Records shown:
>>>>

(* Let $\Gamma=(\mathcal{V},\mathcal{H})$ be an $(l,r)$-hyperflower on $N$ vertices with peripheral vertices $v_1,\ldots,v_l$. Let $\hat{\Gamma}=(\hat{\mathcal{V}},\hat{\mathcal{H}})$ be the $(1,r)$-hyperflower defined by $\hat{\mathcal{V}}:=\mathcal{V}\setminus\{v_2,\ldots,v_l\}$ and $\hat{\mathcal{H}}:=\{h\in\mathcal{H}: v_2,\ldots,v_l\notin h\}$. Then the spectrum of $\Gamma$ is given by the $N-l+1$ eigenvalues of $\hat{\Gamma}$ (counted with multiplicity) together with the eigenvalue $1$ with multiplicity at least $l-1$; that is, the eigenvalues of $\Gamma$ counted with multiplicity are those of $\hat\Gamma$ together with $l-1$ further eigenvalues equal to $1$.
   Context: A hypergraph $\Gamma=(\mathcal{V},\mathcal{H})$ has a finite vertex set $\mathcal{V}$ and a set $\mathcal{H}$ of nonempty subsets of $\mathcal{V}$ (hyperedges); standing assumption: no isolated vertices. $\deg(v)$ is the number of hyperedges containing $v$, $D$ the diagonal degree matrix, $A$ the matrix with $A_{ii}=0$ and $A_{ij}=-\#\{h\in\mathcal{H}: v_i,v_j\in h\}$ for $i\ne j$, and the spectrum of $\Gamma$ is the spectrum of its (signless) normalized Laplacian $L=\mathrm{Id}-D^{-1}A$. An $(l,r)$-hyperflower is a hypergraph whose vertex set is $\mathcal{V}=U\sqcup\mathcal{W}$ with $U=\{v_1,\ldots,v_l\}$ (peripheral vertices) and such that there are $r$ pairwise disjoint nonempty sets $h_1,\ldots,h_r\subseteq\mathcal{W}$ with $\mathcal{H}=\{h_i\cup\{v_j\}: i=1,\ldots,r,\ j=1,\ldots,l\}$ (by the no-isolated-vertex assumption, $\mathcal{W}=h_1\cup\cdots\cup h_r$). *)

From HB Require Import structures.
From mathcomp Require Import all_boot all_order all_algebra.
Set Implicit Arguments. Unset Strict Implicit. Unset Printing Implicit Defensive.
Import Order.TTheory GRing.Theory Num.Theory.
Local Open Scope ring_scope.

<<<<

Task description: If a line in the data above contains "Require", return that line.

Answer below:
From HB Require Import structures.
From mathcomp Require Import all_boot all_order all_algebra.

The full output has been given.